===== Exercise inputs =====

(* Let $d$ be a symmetric nonnegative function on a set $\mathcal X$ with $d(x,z)\le M(d(x,y)+d(y,z))$ for all $x,y,z\in\mathcal X$. Let $\mathcal S\subset\mathcal X$ be finite, $\mathcal C_{\mathrm{OPT}}\subset\mathcal X$ a set of $K$ centers minimizing $\sum_{x\in\mathcal S}\min_{c\in\mathcal C}d(x,c)^2$, and let $A\subseteq\mathcal S$ be one cluster of the partition of $\mathcal S$ induced by $\mathcal C_{\mathrm{OPT}}$ (points sharing the same nearest optimal center). Let $\mathcal C$ be an arbitrary set of centers, $D(a)=\min_{c\in\mathcal C}d(a,c)$, and define $\Upsilon(A)=\sum_{a\in A}\min_{c\in\mathcal C}d(a,c)^2$ and $\Upsilon_{\mathrm{OPT}}(A)=\sum_{a\in A}\min_{c\in\mathcal C_{\mathrm{OPT}}}d(a,c)^2$. If a random center $a_0\in A$ is added to $\mathcal C$, chosen with probability $D(a_0)^2/\sum_{a\in A}D(a)^2$, then, with $\Upsilon(A)$ computed for the enlarged center set, $\mathbb E[\Upsilon(A)]\le16M^4\,\Upsilon_{\mathrm{OPT}}(A)$. *)

From mathcomp Require Import all_boot all_order all_algebra.
From mathcomp Require Import reals.
Set Implicit Arguments. Unset Strict Implicit. Unset Printing Implicit Defensive.
Import Order.TTheory GRing.Theory Num.Theory.
Local Open Scope ring_scope.

(* minsq d C x = min_{c in C} d(x,c)^2, for a nonempty finite center list C
   (returns 0 on the empty list, which is never used). *)
Definition minsq {X : Type} {R : realType} (d : X -> X -> R) (C : seq X) (x : X) : R :=
  match C with
  | [::] => 0
  | c :: C' => foldr (fun c' m => Num.min (d x c' ^+ 2) m) (d x c ^+ 2) C'
  end.

Definition Upsilon {X : Type} {R : realType} (d : X -> X -> R) (C A : seq X) : R :=
  \sum_(a <- A) minsq d C a.

From mathcomp Require Import all_boot all_order all_algebra.
From mathcomp Require Import reals.
From mathcomp Require Import ring lra.
Set Implicit Arguments. Unset Strict Implicit. Unset Printing Implicit Defensive.
Import Order.TTheory GRing.Theory Num.Theory.
Local Open Scope ring_scope.

(** Squaring the relaxed triangle inequality gives
    [d(x,z)^2 <= 2M^2 (d(x,y)^2 + d(y,z)^2)].  Write [N = |A|], [D(b)] for the
    current cost of [b], [Phi = Upsilon_C(A)] and [P(b) = sum_(a in A) d(a,b)^2].
    Averaging [D(b) <= 2M^2 (d(b,a)^2 + D(a))] over [a] in [A] bounds [N D(b)] by
    [2M^2 (P(b) + Phi)]; since adding [b] leaves a cost [U(b) <= min(Phi, P(b))],
    each term [N D(b) U(b) / Phi] of the expectation is at most [4M^2 P(b)].
    Finally [sum_b P(b) <= 4M^2 N P(c0)] by the squared triangle inequality
    through [c0], and [P(c0)] is the optimal cost of the cluster [A]: only the
    fact that [c0] is the nearest optimal center of every point of [A] is used,
    not the global optimality of [Copt]. *)

Lemma sumr_const_seq (V : nmodType) (I : Type) (s : seq I) (x : V) :
  \sum_(i <- s) x = x *+ size s.
Proof. by elim: s => [|i s IHs]; rewrite ?big_nil ?big_cons ?IHs ?mulrS. Qed.

Lemma sum_pairwise_addr (V : nmodType) (I : Type) (s : seq I) (f : I -> V) :
  \sum_(i <- s) \sum_(j <- s) (f j + f i) = (\sum_(i <- s) f i) *+ (size s).*2.
Proof.
under eq_bigr => i _ do rewrite big_split /= sumr_const_seq.
by rewrite big_split /= sumr_const_seq sumrMnl -mulrnDr addnn.
Qed.

Section MinSq.
Variables (R : realType) (X : eqType) (d : X -> X -> R).

Lemma foldr_min_le (g : X -> R) v s c :
  c \in v :: s -> foldr (fun c m => Num.min (g c) m) (g v) s <= g c.
Proof.
elim: s c => [|a s IHs] c /=; first by rewrite mem_seq1 => /eqP->.
rewrite !inE ge_min => /or3P[/eqP-> | /eqP-> | cs].
- by rewrite IHs ?orbT ?mem_head.
- by rewrite lexx.
- by rewrite IHs ?orbT // inE cs orbT.
Qed.

Lemma foldr_min_attained (g : X -> R) v s :
  exists2 c, c \in v :: s & foldr (fun c m => Num.min (g c) m) (g v) s = g c.
Proof.
elim: s => [|a s [c cs IHs]] /=; first by exists v; rewrite ?mem_head.
rewrite IHs minEle; case: ifP => _; first by exists a; rewrite // !inE eqxx orbT.
by exists c; move: cs; rewrite // !inE => /orP[->|->]; rewrite ?orbT.
Qed.

Lemma minsq_le C x c : c \in C -> minsq d C x <= d x c ^+ 2.
Proof. by case: C => [//|v s]; apply: (foldr_min_le (fun c => d x c ^+ 2)). Qed.

Lemma minsq_attained C x : C != [::] ->
  exists2 c, c \in C & minsq d C x = d x c ^+ 2.
Proof. by case: C => [//|v s] _; apply: (foldr_min_attained (fun c => d x c ^+ 2)). Qed.

Lemma minsq_ge0 C x : 0 <= minsq d C x.
Proof.
case: C => [//|v s]; have [c _ ->] := @minsq_attained (v :: s) x isT.
exact: sqr_ge0.
Qed.

Lemma minsq_subset C C' x : C != [::] -> {subset C <= C'} ->
  minsq d C' x <= minsq d C x.
Proof. by move=> /(minsq_attained x)[c cC ->] sCC'; apply/minsq_le/sCC'. Qed.

Lemma Upsilon_ge0 C A : 0 <= Upsilon d C A.
Proof. by apply: sumr_ge0 => a _; apply: minsq_ge0. Qed.

Lemma Upsilon_subset C C' A : C != [::] -> {subset C <= C'} ->
  Upsilon d C' A <= Upsilon d C A.
Proof. by move=> C0 sCC'; apply: ler_sum => a _; apply: minsq_subset. Qed.

Lemma Upsilon1 c A : Upsilon d [:: c] A = \sum_(a <- A) d a c ^+ 2.
Proof. by []. Qed.

End MinSq.

Section RelaxedTriangle.
Variables (R : realType) (X : eqType) (d : X -> X -> R) (M : R).
Hypothesis d_ge0 : forall x y, 0 <= d x y.
Hypothesis d_sym : forall x y, d x y = d y x.
Hypothesis d_qtri : forall x y z, d x z <= M * (d x y + d y z).

Lemma sqr_qtri x y z : d x z ^+ 2 <= 2 * M ^+ 2 * (d x y ^+ 2 + d y z ^+ 2).
Proof.
have dxz_le := d_qtri x y z.
have sqr_le : d x z ^+ 2 <= (M * (d x y + d y z)) ^+ 2.
  by rewrite ler_sqr ?nnegrE //; apply: le_trans dxz_le.
apply: le_trans sqr_le _; rewrite exprMn.
have := sqr_ge0 (d x y - d y z); have := sqr_ge0 M; rewrite !expr2; nra.
Qed.

Lemma minsq_qtri C x y : C != [::] ->
  minsq d C x <= 2 * M ^+ 2 * (d y x ^+ 2 + minsq d C y).
Proof.
move=> /(minsq_attained d y)[c cC ->].
by apply: le_trans (minsq_le d x cC) _; rewrite [d y x]d_sym; apply: sqr_qtri.
Qed.

Lemma Upsilon1_le_nearest c0 C A : c0 \in C ->
  (forall a c, a \in A -> c \in C -> d a c0 <= d a c) ->
  Upsilon d [:: c0] A <= Upsilon d C A.
Proof.
move=> c0C near; rewrite Upsilon1 big_seq [leRHS]big_seq; apply: ler_sum => a aA.
have C0 : C != [::] by apply: contraTneq c0C => ->.
have [c cC ->] := minsq_attained d a C0.
by rewrite ler_sqr ?nnegrE //; apply: near.
Qed.

Lemma size_mul_minsq_le C A b : C != [::] ->
  (size A)%:R * minsq d C b <= 2 * M ^+ 2 * (Upsilon d [:: b] A + Upsilon d C A).
Proof.
move=> C0; rewrite mulr_natl -sumr_const_seq Upsilon1 -big_split mulr_sumr /=.
by apply: ler_sum => a _; apply: minsq_qtri.
Qed.

Lemma size_mul_weighted_cost_le C A b : C != [::] -> 0 < Upsilon d C A ->
  (size A)%:R * (minsq d C b / Upsilon d C A * Upsilon d (b :: C) A)
    <= 4 * M ^+ 2 * Upsilon d [:: b] A.
Proof.
move=> C0 Phi_gt0; set Phi := Upsilon d C A; set P := Upsilon d [:: b] A.
set t := Upsilon d (b :: C) A / Phi.
have t_ge0 : 0 <= t by rewrite divr_ge0 ?Upsilon_ge0 ?ltW.
have U_lePhi : Upsilon d (b :: C) A <= Phi.
  by apply: Upsilon_subset => // c cC; rewrite inE cC orbT.
have tPhi_leP : t * Phi <= P.
  rewrite divfK ?gt_eqF //; apply: Upsilon_subset => // c.
  by rewrite mem_seq1 => /eqP->; rewrite mem_head.
have t_le1 : t <= 1 by rewrite ler_pdivrMr // mul1r.
have P_ge0 : 0 <= P := Upsilon_ge0 d _ _.
have -> : (size A)%:R * (minsq d C b / Phi * Upsilon d (b :: C) A)
    = (size A)%:R * minsq d C b * t by rewrite /t; field; rewrite gt_eqF.
apply: le_trans (ler_wpM2r t_ge0 (size_mul_minsq_le A b C0)) _.
have PPhi_t_le : (P + Phi) * t <= 2 * P by nra.
rewrite -/P -/Phi -[_ * (P + Phi) * t]mulrA; apply: le_trans (ler_wpM2l _ PPhi_t_le) _.
  by rewrite mulr_ge0 ?sqr_ge0.
lra.
Qed.

Lemma sum_Upsilon1_le A c :
  \sum_(b <- A) Upsilon d [:: b] A <= 4 * M ^+ 2 * (size A)%:R * Upsilon d [:: c] A.
Proof.
have pair_le b a : d a b ^+ 2 <= 2 * M ^+ 2 * (minsq d [:: c] a + minsq d [:: c] b).
  by rewrite /= [d b c]d_sym; apply: sqr_qtri.
apply: le_trans (ler_sum _ (fun b _ => ler_sum _ (fun a _ => pair_le b a))) _.
under eq_bigr => b _ do rewrite -mulr_sumr.
rewrite -mulr_sumr sum_pairwise_addr -/(Upsilon d [:: c] A).
rewrite -[_ *+ _.*2]mulr_natr -muln2 natrM.
lra.
Qed.

End RelaxedTriangle.

Theorem lemma3 (R : realType) (X : eqType) (d : X -> X -> R) (M : R)
  (d_ge0 : forall x y, 0 <= d x y)
  (d_sym : forall x y, d x y = d y x)
  (d_qtri : forall x y z, d x z <= M * (d x y + d y z))
  (S : seq X) (S_uniq : uniq S)
  (K : nat) (K_gt0 : (0 < K)%N)
  (Copt : seq X) (Copt_uniq : uniq Copt) (Copt_size : size Copt = K)
  (Copt_opt : forall C' : seq X, uniq C' -> size C' = K ->
      Upsilon d Copt S <= Upsilon d C' S)
  (f : X -> X)
  (f_in : forall x, x \in S -> f x \in Copt)
  (f_near : forall x c, x \in S -> c \in Copt -> d x (f x) <= d x c)
  (c0 : X) (c0_in : c0 \in Copt)
  (A : seq X) (A_def : A = [seq x <- S | f x == c0])
  (C : seq X) (C_ne : C != [::])
  (hpos : 0 < Upsilon d C A) :
  \sum_(a0 <- A) (minsq d C a0 / Upsilon d C A) * Upsilon d (a0 :: C) A
    <= 16 * M ^+ 4 * Upsilon d Copt A.
Proof.
have N_gt0 : 0 < (size A)%:R :> R.
  by move: hpos; rewrite ltr0n; case: (A) => //; rewrite /Upsilon big_nil ltxx.
have cluster_cost : Upsilon d [:: c0] A <= Upsilon d Copt A.
  apply: Upsilon1_le_nearest => // a c; rewrite A_def mem_filter => /andP[/eqP <- aS].
  exact: f_near.
rewrite -(ler_pM2l N_gt0) mulr_sumr.
have term_le b := size_mul_weighted_cost_le d_ge0 d_sym d_qtri b C_ne hpos.
apply: le_trans (ler_sum _ (fun b _ => term_le b)) _.
rewrite -mulr_sumr.
apply: le_trans (ler_wpM2l _ (sum_Upsilon1_le d_ge0 d_sym d_qtri A c0)) _.
  by rewrite mulr_ge0 ?sqr_ge0.
have -> : 4 * M ^+ 2 * (4 * M ^+ 2 * (size A)%:R * Upsilon d [:: c0] A)
    = (size A)%:R * (16 * M ^+ 4 * Upsilon d [:: c0] A) by ring.
rewrite ler_pM2l //; apply: (ler_wpM2l _ cluster_cost).
by rewrite mulr_ge0 // exprn_even_ge0.
Qed.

=====

• Prompt:
In the material above, transcribe exactly the lines beginning at the one with "Proof. by move=> /(minsq_attained" and ending at the one with "have t_ge0 : 0", both included.

• Output of the task:
Proof. by move=> /(minsq_attained x)[c cC ->] sCC'; apply/minsq_le/sCC'. Qed.

Lemma Upsilon_ge0 C A : 0 <= Upsilon d C A.
Proof. by apply: sumr_ge0 => a _; apply: minsq_ge0. Qed.

Lemma Upsilon_subset C C' A : C != [::] -> {subset C <= C'} ->
  Upsilon d C' A <= Upsilon d C A.
Proof. by move=> C0 sCC'; apply: ler_sum => a _; apply: minsq_subset. Qed.

Lemma Upsilon1 c A : Upsilon d [:: c] A = \sum_(a <- A) d a c ^+ 2.
Proof. by []. Qed.

End MinSq.

Section RelaxedTriangle.
Variables (R : realType) (X : eqType) (d : X -> X -> R) (M : R).
Hypothesis d_ge0 : forall x y, 0 <= d x y.
Hypothesis d_sym : forall x y, d x y = d y x.
Hypothesis d_qtri : forall x y z, d x z <= M * (d x y + d y z).

Lemma sqr_qtri x y z : d x z ^+ 2 <= 2 * M ^+ 2 * (d x y ^+ 2 + d y z ^+ 2).
Proof.
have dxz_le := d_qtri x y z.
have sqr_le : d x z ^+ 2 <= (M * (d x y + d y z)) ^+ 2.
  by rewrite ler_sqr ?nnegrE //; apply: le_trans dxz_le.
apply: le_trans sqr_le _; rewrite exprMn.
have := sqr_ge0 (d x y - d y z); have := sqr_ge0 M; rewrite !expr2; nra.
Qed.

Lemma minsq_qtri C x y : C != [::] ->
  minsq d C x <= 2 * M ^+ 2 * (d y x ^+ 2 + minsq d C y).
Proof.
move=> /(minsq_attained d y)[c cC ->].
by apply: le_trans (minsq_le d x cC) _; rewrite [d y x]d_sym; apply: sqr_qtri.
Qed.

Lemma Upsilon1_le_nearest c0 C A : c0 \in C ->
  (forall a c, a \in A -> c \in C -> d a c0 <= d a c) ->
  Upsilon d [:: c0] A <= Upsilon d C A.
Proof.
move=> c0C near; rewrite Upsilon1 big_seq [leRHS]big_seq; apply: ler_sum => a aA.
have C0 : C != [::] by apply: contraTneq c0C => ->.
have [c cC ->] := minsq_attained d a C0.
by rewrite ler_sqr ?nnegrE //; apply: near.
Qed.

Lemma size_mul_minsq_le C A b : C != [::] ->
  (size A)%:R * minsq d C b <= 2 * M ^+ 2 * (Upsilon d [:: b] A + Upsilon d C A).
Proof.
move=> C0; rewrite mulr_natl -sumr_const_seq Upsilon1 -big_split mulr_sumr /=.
by apply: ler_sum => a _; apply: minsq_qtri.
Qed.

Lemma size_mul_weighted_cost_le C A b : C != [::] -> 0 < Upsilon d C A ->
  (size A)%:R * (minsq d C b / Upsilon d C A * Upsilon d (b :: C) A)
    <= 4 * M ^+ 2 * Upsilon d [:: b] A.
Proof.
move=> C0 Phi_gt0; set Phi := Upsilon d C A; set P := Upsilon d [:: b] A.
set t := Upsilon d (b :: C) A / Phi.
have t_ge0 : 0 <= t by rewrite divr_ge0 ?Upsilon_ge0 ?ltW.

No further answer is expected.